◆ Instructions for the task
After reading the entries below, copy word for word the lines from the first through the line containing "pose E := [set y : R | exists k, y = P k].", and stop there.

(Dataset entries)
* * * * *
Lemma qnorm_le_comp p : qnorm p <= `|qc p 0| + `|qc p 1| + `|qc p 2| + `|qc p 3|.
Proof.
rewrite qnormE; apply: sqrt_le_sq; first by rewrite !addr_ge0.
rewrite -!(real_normK (num_real (qc p _))).
have h0 := normr_ge0 (qc p 0); have h1 := normr_ge0 (qc p 1).
have h2 := normr_ge0 (qc p 2); have h3 := normr_ge0 (qc p 3).
nra.
Qed.

(* |zeta_j(x)|^2 = x_0^2 + x_j^2, so the hypothesis of the theorem makes the
   three Fueter variables small. *)
Lemma qnorm_zeta_le (x : quat R) (s : R) : 0 <= s ->
  qc x 0 ^+ 2 + qc x 1 ^+ 2 < s ^+ 2 ->
  qc x 0 ^+ 2 + qc x 2 ^+ 2 < s ^+ 2 ->
  qc x 0 ^+ 2 + qc x 3 ^+ 2 < s ^+ 2 ->
  [/\ qnorm (zeta1 x) <= s, qnorm (zeta2 x) <= s & qnorm (zeta3 x) <= s].
Proof.
move=> hs h1 h2 h3.
by split; rewrite qnormE /zeta1 /zeta2 /zeta3 mkQ0 mkQ1 mkQ2 mkQ3;
  apply: sqrt_le_sq => //; rewrite sqrrN expr0n /= !addr0 addrC ltW.
Qed.

(* |zeta(x)^beta| <= s^|beta| when every Fueter variable has norm <= s:
   zeta^beta is an average of products of |beta| such variables. *)
Lemma zeta_pow_le (x : quat R) (s : R) a b c : 0 <= s ->
  qnorm (zeta1 x) <= s -> qnorm (zeta2 x) <= s -> qnorm (zeta3 x) <= s ->
  qnorm (zeta_pow x (a, b, c)) <= s ^+ (a + b + c).
Proof.
move=> hs h1 h2 h3; rewrite /zeta_pow qnormZ.
set n := (a + b + c)%N.
set sq := nseq a (zeta1 x) ++ nseq b (zeta2 x) ++ nseq c (zeta3 x).
have hn : (0 : R) < n`!%:R by rewrite ltr0n fact_gt0.
have hsq : forall i, qnorm sq`_i <= s.
  move=> i; case: (ltnP i (size sq)) => hi; last by rewrite nth_default ?qnorm0.
  by move: (mem_nth 0 hi); rewrite !mem_cat => /or3P [] /nseqP [-> _].
rewrite ger0_norm; last by rewrite invr_ge0 ltW.
rewrite ler_pdivrMl //.
apply: le_trans (qnorm_sum _ _ _) _.
apply: le_trans (_ : \sum_(sigma : 'S_n) s ^+ n <= _).
  by apply: ler_sum => sigma _; apply: qnorm_bigmul.
by rewrite sumr_const card_Sn mulr_natl.
Qed.

End QuaternionNorm.

Section SeriesConvergence.
Variable R : realType.
Local Open Scope classical_set_scope.

Lemma mono_cvg (P : nat -> R) (C : R) :
  (forall k, P k <= P k.+1) -> (forall k, P k <= C) ->
  exists L, forall e, 0 < e -> exists N, forall K, (N <= K)%N -> `|P K - L| < e.
Proof.
move=> hP hC.
have mon : forall m n, (m <= n)%N -> P m <= P n.
  move=> m n /subnK <-; elim: (n - m)%N => [|d ih] //=.
  by rewrite addSn; apply: le_trans ih (hP _).
pose E := [set y : R | exists k, y = P k].
have hE : has_sup E by split; [exists (P 0%N), 0%N | exists C => y [k ->]].
exists (sup E) => e he.
have [y [N ->] hy] := sup_adherent he hE.
exists N => K hK.
have h1 : P K <= sup E by apply: sup_upper_bound => //; exists K.
have h2 := mon _ _ hK.
rewrite ler0_norm ?subr_le0 //; lra.
Qed.

(* Absolutely convergent real series converge: both sum (w + d) and sum w are
   nondecreasing and bounded. *)
Lemma abs_series_cvg (d w : nat -> R) (C : R) : (forall k, `|d k| <= w k) ->
  (forall K, \sum_(k < K) w k <= C) ->
  exists L, forall e, 0 < e -> exists N, forall K, (N <= K)%N ->
    `|\sum_(k < K) d k - L| < e.
Proof.
move=> hd hw.
have [L1 h1] : exists L, forall e, 0 < e -> exists N, forall K, (N <= K)%N ->
    `|\sum_(k < K) (w k + d k) - L| < e.
  apply: (@mono_cvg _ (C + C)).
    move=> k; rewrite big_ord_recr /= lerDl.
    by have := hd k; rewrite ler_norml; lra.
  move=> k; rewrite big_split /=; apply: lerD; first exact: hw.
  apply: le_trans _ (hw k); apply: ler_sum => i _; apply: le_trans (ler_norm _) (hd i).
have [L2 h2] : exists L, forall e, 0 < e -> exists N, forall K, (N <= K)%N ->
    `|\sum_(k < K) w k - L| < e.
  apply: (@mono_cvg _ C) => // k.
  by rewrite big_ord_recr /= lerDl; apply: le_trans (hd k).
exists (L1 - L2) => e he.
have he2 : 0 < e / 2 by rewrite divr_gt0.
have [N1 hN1] := h1 _ he2; have [N2 hN2] := h2 _ he2.
exists (maxn N1 N2) => K hK.
have a1 := hN1 K (leq_trans (leq_maxl _ _) hK).
have a2 := hN2 K (leq_trans (leq_maxr _ _) hK).
rewrite big_split /= in a1.
have -> : \sum_(k < K) d k - (L1 - L2) =
   (\sum_(k < K) w k + \sum_(k < K) d k - L1) - (\sum_(k < K) w k - L2) by ring.
apply: le_lt_trans (ler_normB _ _) _; lra.
Qed.

Definition qseries_to (d : nat -> quat R) (v : quat R) : Prop :=
  forall e : R, 0 < e -> exists N : nat, forall K : nat, (N <= K)%N ->
    qnorm (\sum_(k < K) d k - v) < e.

Lemma qseries_abs_cvg (d : nat -> quat R) (w : nat -> R) (C : R) :
  (forall k, qnorm (d k) <= w k) -> (forall K, \sum_(k < K) w k <= C) ->
  exists2 v, qseries_to d v & qnorm v <= C.
Proof.
move=> hd hw.
have comp i : (i < 4)%N -> exists L, forall e, 0 < e -> exists N, forall K,
    (N <= K)%N -> `|\sum_(k < K) qc (d k) i - L| < e.
  move=> hi; apply: (@abs_series_cvg (fun k => qc (d k) i) w C) => // k.
  exact: le_trans (qc_le _ hi) (hd k).
have [L0 hL0] := comp 0%N isT; have [L1 hL1] := comp 1%N isT.
have [L2 hL2] := comp 2%N isT; have [L3 hL3] := comp 3%N isT.
pose v := mkQ L0 L1 L2 L3.
have cvg_v : qseries_to d v.
  move=> e he; have he4 : 0 < e / 4 by rewrite divr_gt0.
  have [N0 hN0] := hL0 _ he4; have [N1 hN1] := hL1 _ he4.
  have [N2 hN2] := hL2 _ he4; have [N3 hN3] := hL3 _ he4.
  exists (maxn (maxn N0 N1) (maxn N2 N3)) => K hK.
  have a0 := hN0 K (leq_trans (leq_trans (leq_maxl N0 N1) (leq_maxl _ _)) hK).
  have a1 := hN1 K (leq_trans (leq_trans (leq_maxr N0 N1) (leq_maxl _ _)) hK).
  have a2 := hN2 K (leq_trans (leq_trans (leq_maxl N2 N3) (leq_maxr _ _)) hK).
  have a3 := hN3 K (leq_trans (leq_trans (leq_maxr N2 N3) (leq_maxr _ _)) hK).
  apply: le_lt_trans (qnorm_le_comp _) _.
  rewrite !qcB !qc_sum /v mkQ0 mkQ1 mkQ2 mkQ3; lra.
exists v => //; apply/ler_addgt0Pr => e he.
have [N hN] := cvg_v _ he.
set S := \sum_(k < N) d k.
have hS : qnorm S <= C.
  by apply: le_trans (qnorm_sum _ _ _) _; apply: le_trans (hw N); apply: ler_sum.
have hv : qnorm v <= qnorm S + qnorm (S - v).
  rewrite -(qnormN (S - v)); apply: le_trans (qnorm_add _ _).
  by rewrite opprB addrC subrK.
by have := hN N (leqnn N); lra.
Qed.

End SeriesConvergence.

Section DegreeAndBoxSums.
Variable R : realType.
Implicit Types g u v : mi -> R.

(* Partial sums of a nonnegative family indexed by N_0^3 are taken either over
   total degree < K (as in the statement) or over the box [0,K)^3 (which is
   convenient for products); the two are comparable. *)
Definition deg_sum (K : nat) g : R := \sum_(k < K) sum_deg k g.

Definition box_sum (K : nat) g : R :=
  \sum_(a < K) \sum_(b < K) \sum_(c < K) g (a : nat, b : nat, c : nat).

Lemma sum_if_eq N m (F : nat -> R) : (m < N)%N ->
  \sum_(c < N) (if (c == m :> nat) then F c else 0) = F m.
Proof. by move=> hm; rewrite -big_mkcond (big_pred1 (Ordinal hm)). Qed.

Lemma sum_if_lt N m (F : nat -> R) : (m <= N)%N ->
  \sum_(i < N) (if (i < m)%N then F i else 0) = \sum_(i < m) F i.
Proof. by move=> hm; rewrite -big_mkcond -big_ord_widen. Qed.

Lemma sum_widen N m (F : nat -> R) : (m <= N)%N -> (forall i, 0 <= F i) ->
  \sum_(i < m) F i <= \sum_(i < N) F i.
Proof.
move=> hm hF; rewrite -(sum_if_lt F hm); apply: ler_sum => i _.
by case: ifP.
Qed.

Lemma sum_deg_box k N g : (k < N)%N ->
  sum_deg k g = \sum_(a < N) \sum_(b < N) \sum_(c < N)
     (if (a + b + c == k)%N then g (a : nat, b : nat, c : nat) else 0).
Proof.
move=> hk; rewrite /sum_deg.
transitivity (\sum_(a < N) (if (a < k.+1)%N then
   \sum_(b < (k - a).+1) g ((a : nat), (b : nat), (k - a - b)%N) else 0)).
  by rewrite (sum_if_lt (fun a => \sum_(b < (k - a).+1) g (a, (b : nat), (k - a - b)%N))).
apply: eq_bigr => a _; case: ltnP => ha; last first.
  symmetry; rewrite big1 // => b _; rewrite big1 // => c _.
  by have -> : (a + b + c == k)%N = false by apply/eqP; lia.
rewrite -(sum_if_lt (fun b => g ((a : nat), b, (k - a - b)%N)) (_ : ((k - a).+1 <= N)%N));
  last by lia.
apply: eq_bigr => b _; case: ltnP => hb; last first.
  by rewrite big1 // => c _; have -> : (a + b + c == k)%N = false by apply/eqP; lia.
rewrite -(sum_if_eq (fun c => g ((a : nat), (b : nat), c)) (_ : (k - a - b < N)%N)); last by lia.
by apply: eq_bigr => c _; congr (if _ then _ else _); apply/eqP/eqP; lia.
Qed.
(* Let $n\ge 2$, $\rho>0$, $\varepsilon\in[0,1]$, and let $F_1,\dots,F_n$ be continuous distributions on $\mathbb{R}$, each with a monotone density. For any joint distribution of channel gains $(|h_1|^2,\dots,|h_n|^2)$ with $|h_i|^2\sim F_i$ for each $i$, the $\varepsilon$-outage capacity $R^{\varepsilon}$ satisfies $$\log_2\bigl(1-\rho\,\Phi_{-}(1-\varepsilon)\bigr)\le R^{\varepsilon}\le\log_2\bigl(1+\rho\,\Phi(\varepsilon)\bigr).$$
   Context: $R^{\varepsilon}=\sup\{R\ge0:\Pr(\sum_{i=1}^n|h_i|^2<(2^R-1)/\rho)<\varepsilon\}$. With $G_i=F_i^{-1}$ and $X_i\sim F_i$, define $\Phi(a)=\sum_{i=1}^n\mathbb{E}[X_i\mid X_i\ge G_i(a)]$. The function $\Phi_{-}$ is $\Phi$ computed for the random variables $-X_i$, i.e. $\Phi_{-}(a)=\sum_{i=1}^n\mathbb{E}[-X_i\mid -X_i\ge G_{i,-}(a)]$ where $G_{i,-}(x)=-G_i(1-x)$ is the quantile function of $-X_i$. *)

From HB Require Import structures.
From mathcomp Require Import all_boot all_order all_algebra.
From mathcomp Require Import all_classical all_reals all_analysis.
Set Implicit Arguments. Unset Strict Implicit. Unset Printing Implicit Defensive.
Import Order.TTheory GRing.Theory Num.Theory.
Import numFieldNormedType.Exports.
Local Open Scope classical_set_scope.
Local Open Scope ring_scope.

Section Defs.
Context {d : measure_display} {T : measurableType d} {R : realType}.
Variable P : probability T R.

Definition log2 (x : R) : R := ln x / ln 2.

Definition elog2 (x : \bar R) : \bar R :=
  match x with
  | EFin r => (log2 r)%:E
  | +oo%E => +oo%E
  | -oo%E => -oo%E
  end.

Definition is_density (Y : {RV P >-> R}) (f : R -> R) : Prop :=
  [/\ (forall x, 0 <= f x), measurable_fun [set: R] f &
      forall A : set R, measurable A ->
        P (Y @^-1` A) = (\int[lebesgue_measure]_(x in A) (f x)%:E)%E].

Definition monotone_density (f : R -> R) : Prop :=
  exists I : interval R,
    (forall x, x \notin I -> f x = 0) /\
    ((forall x y, x \in I -> y \in I -> x <= y -> f x <= f y) \/
     (forall x y, x \in I -> y \in I -> x <= y -> f y <= f x)).

Definition quantile (Y : {RV P >-> R}) (a : R) : R :=
  inf [set x : R | (a%:E <= cdf Y x)%E].

Definition cond_exp_ge (Z : T -> R) (c : R) : \bar R :=
  let A := [set w | c <= Z w] in
  ((\int[P]_(w in A) (Z w)%:E) * ((fine (P A))^-1)%:E)%E.

Definition Phi (n : nat) (X : 'I_n -> {RV P >-> R}) (a : R) : \bar R :=
  (\sum_(i < n) cond_exp_ge (X i) (quantile (X i) a))%E.

(* Phi_-(a) = sum_i E[-X_i | -X_i >= G_{i,-}(a)],  G_{i,-}(x) = - G_i(1 - x) *)
Definition Phi_minus (n : nat) (X : 'I_n -> {RV P >-> R}) (a : R) : \bar R :=
  (\sum_(i < n) cond_exp_ge (fun w => (- X i w)%R) (- quantile (X i) (1 - a))%R)%E.

Definition outage_capacity (n : nat) (X : 'I_n -> {RV P >-> R})
    (rho eps : R) : R :=
  sup [set r : R | 0 <= r /\
         (P [set w | (\sum_(i < n) X i w < (2 `^ r - 1) / rho)%R] < eps%:E)%E].

End Defs.

From HB Require Import structures.
From mathcomp Require Import all_boot all_order all_algebra.
From mathcomp Require Import all_classical all_reals all_analysis.
From mathcomp Require Import measurable_realfun lra.
Set Implicit Arguments. Unset Strict Implicit. Unset Printing Implicit Defensive.
Import Order.TTheory GRing.Theory Num.Theory.
Import numFieldNormedType.Exports.
Local Open Scope classical_set_scope.
Local Open Scope ring_scope.

(* Write q_i = G_i(eps) and S = sum_i X_i.  Since the laws have densities,
   P(X_i <= q_i) = eps and P(X_i >= q_i) = 1 - eps.  Among all events of
   probability at least P(X_i >= q_i), the upper level set {X_i >= q_i}
   maximises the mean of X_i; among all events of probability at least
   P(X_i <= q_i), the lower level set {X_i <= q_i} minimises it.  Hence if
   P(S < t) < eps, averaging S over {S >= t} gives
   t <= sum_i E[X_i | X_i >= q_i] = Phi(eps), and if P(S < t) >= eps, averaging
   S over {S < t} gives t >= sum_i E[X_i | X_i <= q_i] = - Phi_-(1 - eps).
   A rate R >= 0 is admissible exactly when t = (2^R - 1)/rho satisfies
   P(S < t) < eps, so taking suprema yields the two bounds. *)

Section log2.
Context {R : realType}.

Lemma le_log2 (y r : R) : 0 < y -> (r <= log2 y) = (2 `^ r <= y).
Proof.
move=> y0; rewrite /log2 ler_pdivlMr ?ln_gt0 ?ltr1n // -ln_powR.
by rewrite ler_ln ?posrE ?powR_gt0.
Qed.

Lemma lt_log2 (y r : R) : 0 < y -> (r < log2 y) = (2 `^ r < y).
Proof.
move=> y0; rewrite /log2 ltr_pdivlMr ?ln_gt0 ?ltr1n // -ln_powR.
by rewrite ltr_ln ?posrE ?powR_gt0.
Qed.

End log2.

Section integral_bounds.
Context d (T : measurableType d) (R : realType).
Implicit Types (mu : {measure set T -> \bar R}) (Y : T -> R).

Lemma measurable_ltr_set (f g : T -> R) :
  measurable_fun setT f -> measurable_fun setT g -> measurable [set w | f w < g w].
Proof.
move=> mf mg; rewrite -[X in measurable X]setTI.
exact: measurable_fun_ltr mf mg measurableT [set true] I.
Qed.

Lemma measurable_ler_set (f g : T -> R) :
  measurable_fun setT f -> measurable_fun setT g -> measurable [set w | f w <= g w].
Proof.
move=> mf mg; rewrite -[X in measurable X]setTI.
exact: measurable_fun_ler mf mg measurableT [set true] I.
Qed.

Variables (mu : {measure set T -> \bar R}) (Y : T -> R).
Hypotheses (mY : measurable_fun setT Y) (Y0 : forall w, 0 <= Y w).

Let mYE : measurable_fun setT (fun w => (Y w)%:E).
Proof. exact/measurable_EFinP. Qed.

Lemma ge0_integral_le_cst {D : set T} {c : R} : measurable D ->
  (forall w, D w -> Y w <= c) ->
  (\int[mu]_(w in D) (Y w)%:E <= c%:E * mu D)%E.
Proof.
move=> mD Yc; rewrite -integral_cst //; apply: ge0_le_integral => //.
- by move=> w _; rewrite lee_fin.
- exact: measurable_funTS.
Qed.

Lemma ge0_cst_le_integral {D : set T} {c : R} : measurable D -> 0 <= c ->
  (forall w, D w -> c <= Y w) ->
  (c%:E * mu D <= \int[mu]_(w in D) (Y w)%:E)%E.
Proof.
move=> mD c0 cY; rewrite -integral_cst //; apply: ge0_le_integral => //.
exact: measurable_funTS.
Qed.

Lemma ge0_integral_setDI {B C : set T} : measurable B -> measurable C ->
  (\int[mu]_(w in B) (Y w)%:E
   = \int[mu]_(w in B `\` C) (Y w)%:E + \int[mu]_(w in B `&` C) (Y w)%:E)%E.
Proof.
move=> mB mC; rewrite -ge0_integral_setU //.
- by rewrite setUC setUIDK.
- exact: measurableD.
- exact: measurableI.
- exact: measurable_funTS.
- by move=> w _; rewrite lee_fin.
- by rewrite setDE disj_set2E setIACA setICl setI0.
Qed.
* * * * *
◆ Output for this exercise
Lemma qnorm_le_comp p : qnorm p <= `|qc p 0| + `|qc p 1| + `|qc p 2| + `|qc p 3|.
Proof.
rewrite qnormE; apply: sqrt_le_sq; first by rewrite !addr_ge0.
rewrite -!(real_normK (num_real (qc p _))).
have h0 := normr_ge0 (qc p 0); have h1 := normr_ge0 (qc p 1).
have h2 := normr_ge0 (qc p 2); have h3 := normr_ge0 (qc p 3).
nra.
Qed.

(* |zeta_j(x)|^2 = x_0^2 + x_j^2, so the hypothesis of the theorem makes the
   three Fueter variables small. *)
Lemma qnorm_zeta_le (x : quat R) (s : R) : 0 <= s ->
  qc x 0 ^+ 2 + qc x 1 ^+ 2 < s ^+ 2 ->
  qc x 0 ^+ 2 + qc x 2 ^+ 2 < s ^+ 2 ->
  qc x 0 ^+ 2 + qc x 3 ^+ 2 < s ^+ 2 ->
  [/\ qnorm (zeta1 x) <= s, qnorm (zeta2 x) <= s & qnorm (zeta3 x) <= s].
Proof.
move=> hs h1 h2 h3.
by split; rewrite qnormE /zeta1 /zeta2 /zeta3 mkQ0 mkQ1 mkQ2 mkQ3;
  apply: sqrt_le_sq => //; rewrite sqrrN expr0n /= !addr0 addrC ltW.
Qed.

(* |zeta(x)^beta| <= s^|beta| when every Fueter variable has norm <= s:
   zeta^beta is an average of products of |beta| such variables. *)
Lemma zeta_pow_le (x : quat R) (s : R) a b c : 0 <= s ->
  qnorm (zeta1 x) <= s -> qnorm (zeta2 x) <= s -> qnorm (zeta3 x) <= s ->
  qnorm (zeta_pow x (a, b, c)) <= s ^+ (a + b + c).
Proof.
move=> hs h1 h2 h3; rewrite /zeta_pow qnormZ.
set n := (a + b + c)%N.
set sq := nseq a (zeta1 x) ++ nseq b (zeta2 x) ++ nseq c (zeta3 x).
have hn : (0 : R) < n`!%:R by rewrite ltr0n fact_gt0.
have hsq : forall i, qnorm sq`_i <= s.
  move=> i; case: (ltnP i (size sq)) => hi; last by rewrite nth_default ?qnorm0.
  by move: (mem_nth 0 hi); rewrite !mem_cat => /or3P [] /nseqP [-> _].
rewrite ger0_norm; last by rewrite invr_ge0 ltW.
rewrite ler_pdivrMl //.
apply: le_trans (qnorm_sum _ _ _) _.
apply: le_trans (_ : \sum_(sigma : 'S_n) s ^+ n <= _).
  by apply: ler_sum => sigma _; apply: qnorm_bigmul.
by rewrite sumr_const card_Sn mulr_natl.
Qed.

End QuaternionNorm.

Section SeriesConvergence.
Variable R : realType.
Local Open Scope classical_set_scope.

Lemma mono_cvg (P : nat -> R) (C : R) :
  (forall k, P k <= P k.+1) -> (forall k, P k <= C) ->
  exists L, forall e, 0 < e -> exists N, forall K, (N <= K)%N -> `|P K - L| < e.
Proof.
move=> hP hC.
have mon : forall m n, (m <= n)%N -> P m <= P n.
  move=> m n /subnK <-; elim: (n - m)%N => [|d ih] //=.
  by rewrite addSn; apply: le_trans ih (hP _).
pose E := [set y : R | exists k, y = P k].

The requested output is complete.